Lady Nore’s white hair has been tied up on her head in a complicated arrangement of plaits, although a few have come down. Her gown is an opulent confection of black feathers and silver fabric that deepens to black at the floor. Ex-falcons crowd around her, formerly loyal soldiers to the Grand General of Elfhame, now hers to command.

When I look at her, I am filled with the same hate and fear that paralyzed me throughout my childhood.

And yet, there is fresh madness in her yellow eyes. She is not the same as she was when I saw her last. And disturbingly, I see myself in her. Resentful, and trapped, and full of thwarted desire.
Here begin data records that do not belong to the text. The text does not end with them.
Lemma inf_window_ge T h N t : is_partition 0 T N t -> 0 < h <= T ->
  h / mesh N t - 1 <= inf_window T h N t.
Proof.
  intros Hp Hh. unfold inf_window.
  set (E := fun x => exists s, 0 <= s <= T - h /\ x = INR (npoints N t s (s + h))).
  destruct (Glb_Rbar_correct E) as [Hlb Hglb].
  assert (HE : E (INR (npoints N t 0 (0 + h)))) by (exists 0; split; [lra|reflexivity]).
  assert (Hb : is_lb_Rbar E (h / mesh N t - 1)).
  { intros x [s [Hs ->]]. simpl. pose proof (mesh_pos Hp).
    pose proof (npoints_lower Hp s (s + h) ltac:(lra) ltac:(lra)).
    cut (h / mesh N t <= INR (npoints N t s (s + h)) + 1); [lra|].
    apply Rle_div_l; lra. }
  specialize (Hglb _ Hb). specialize (Hlb _ HE).
  destruct (Glb_Rbar E); simpl in *; try contradiction; lra.
Qed.

Lemma LimSup_lt_p_infty_iff (u : nat -> R) :
  Rbar_lt (LimSup_seq u) p_infty <-> exists M, eventually (fun n => u n <= M).
Proof.
  split.
  - destruct (ex_LimSup_seq u) as [l Hl]. rewrite (is_LimSup_seq_unique _ _ Hl).
    destruct l as [l| |]; simpl; intros H; try contradiction.
    + destruct (Hl (mkposreal 1 Rlt_0_1)) as [_ [n0 Hn0]]. exists (l + 1), n0.
      intros n Hn. specialize (Hn0 n Hn). simpl in Hn0. lra.
    + destruct (Hl 0) as [n0 Hn0]. exists 0, n0. intros n Hn. specialize (Hn0 n Hn). lra.
  - intros [M HM]. pose proof (LimSup_le u (fun _ => M) HM) as H.
    rewrite LimSup_seq_const in H. destruct (LimSup_seq u); simpl in *; auto.
Qed.

Lemma LimInf_gt_0_iff (u : nat -> R) :
  Rbar_lt 0 (LimInf_seq u) <-> exists m, 0 < m /\ eventually (fun n => m <= u n).
Proof.
  split.
  - destruct (ex_LimInf_seq u) as [l Hl]. rewrite (is_LimInf_seq_unique _ _ Hl).
    destruct l as [l| |]; simpl; intros H; try contradiction.
    + assert (Hl2 : 0 < l / 2) by lra.
      destruct (Hl (mkposreal _ Hl2)) as [_ [n0 Hn0]]. exists (l / 2). split; [lra|].
      exists n0. intros n Hn. specialize (Hn0 n Hn). simpl in Hn0. lra.
    + destruct (Hl 1) as [n0 Hn0]. exists 1. split; [lra|].
      exists n0. intros n Hn. specialize (Hn0 n Hn). lra.
  - intros [m [Hm HM]]. pose proof (LimInf_le (fun _ => m) u HM) as H.
    rewrite LimInf_seq_const in H. destruct (LimInf_seq u); simpl in *; auto; lra.
Qed.

Lemma LimSup_lt_p_infty_le_scal (u v : nat -> R) K : 0 <= K ->
  (forall n, u n <= K * v n) ->
  Rbar_lt (LimSup_seq v) p_infty -> Rbar_lt (LimSup_seq u) p_infty.
Proof.
  intros HK Huv. rewrite !LimSup_lt_p_infty_iff. intros [M [n0 Hn0]].
  exists (K * M), n0. intros n Hn. specialize (Hn0 n Hn). specialize (Huv n). nra.
Qed.

Lemma LimSup_lt_p_infty_comparable (u v : nat -> R) K : 0 <= K ->
  (forall n, u n <= K * v n) -> (forall n, v n <= K * u n) ->
  Rbar_lt (LimSup_seq u) p_infty <-> Rbar_lt (LimSup_seq v) p_infty.
Proof. split; apply LimSup_lt_p_infty_le_scal with K; auto. Qed.

Lemma ub_of_eventually_ub (u : nat -> R) :
  (exists M, eventually (fun n => u n <= M)) -> exists C, forall n, u n <= C.
Proof.
  intros [M [n0 Hn0]].
  assert (Hinit : exists C, forall n, (n < n0)%nat -> u n <= C).
  { clear Hn0. induction n0 as [|n0 [C HC]]; [exists 0; intros; lia|].
    exists (Rmax C (u n0)). intros n Hn. destruct (Nat.eq_dec n n0) as [->|Hne].
    - apply Rmax_r.
    - apply Rle_trans with C; [apply HC; lia|apply Rmax_l]. }
  destruct Hinit as [C HC]. exists (Rmax C M). intros n.
  destruct (Nat.lt_ge_cases n n0) as [Hn|Hn].
  - apply Rle_trans with C; [apply HC, Hn|apply Rmax_l].
  - apply Rle_trans with M; [apply Hn0, Hn|apply Rmax_r].
Qed.

Lemma Rdiv_le_scal_Rdiv p q r s K : 0 < q -> 0 < s ->
  p * s <= K * (r * q) -> p / q <= K * (r / s).
Proof.
  intros Hq Hs H. apply Rmult_le_reg_r with (q * s); [nra|].
  replace (p / q * (q * s)) with (p * s) by (field; lra).
  replace (K * (r / s) * (q * s)) with (K * (r * q)) by (field; lra). exact H.
Qed.

Section BalancedCharacterization.
Context {a b : R} {N : nat -> nat} {t : nat -> nat -> R}.
Hypothesis Hp : forall n, is_partition a b (N n) (t n).

Lemma balanced_mesh_le : balanced N t ->
  exists c, 0 < c /\ forall n, mesh (N n) (t n) <= c * minstep (N n) (t n).
Proof.
  intros [c [Hc Hb]]. exists c. split; [exact Hc|]. intros n.
  apply Rle_div_l; [exact (minstep_pos (Hp n))|]. apply Hb.
Qed.

Lemma balanced_of_eventually_mesh_le C :
  eventually (fun n => mesh (N n) (t n) <= C * minstep (N n) (t n)) -> balanced N t.
Proof.
  intros Hev. destruct (ub_of_eventually_ub (fun n => mesh (N n) (t n) / minstep (N n) (t n)))
    as [C' HC'].
  { exists C. destruct Hev as [n0 Hn0]. exists n0. intros n Hn.
    apply Rle_div_l; [exact (minstep_pos (Hp n))|]. apply Hn0, Hn. }
  exists (Rmax 1 C'). split; [apply Rlt_le_trans with 1; [lra|apply Rmax_l]|].
  intros n. apply Rle_trans with C'; [apply HC'|apply Rmax_r].
Qed.

End BalancedCharacterization.

Section Balanced.
Variables (T : R) (N : nat -> nat) (t : nat -> nat -> R).
Hypothesis HT : 0 < T.
Hypothesis Hp : forall n, is_partition 0 T (N n) (t n).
The worst parts of me, and all my worst potential.

New also are the two gray hands that she wears as a necklace. Horrifyingly, I see the fingers move as though alive, caressing the hollow of her throat. More horrifyingly, I suspect them to have once belonged to Lord Jarel.

Behind her, on a pillar of ice, is the cracked reliquary that must contain the bones and other remains of Mab. Strangely, tendrils, like roots, grow from the case, one with a bud on it, as though flowering.

On Lady Nore’s left side sits a troll with a crown of beaten gold and a mantle of blue velvet stitched with silver scales. His clothing is leather, richly worked, with a pattern that reminds me of those we saw in the Stone Forest.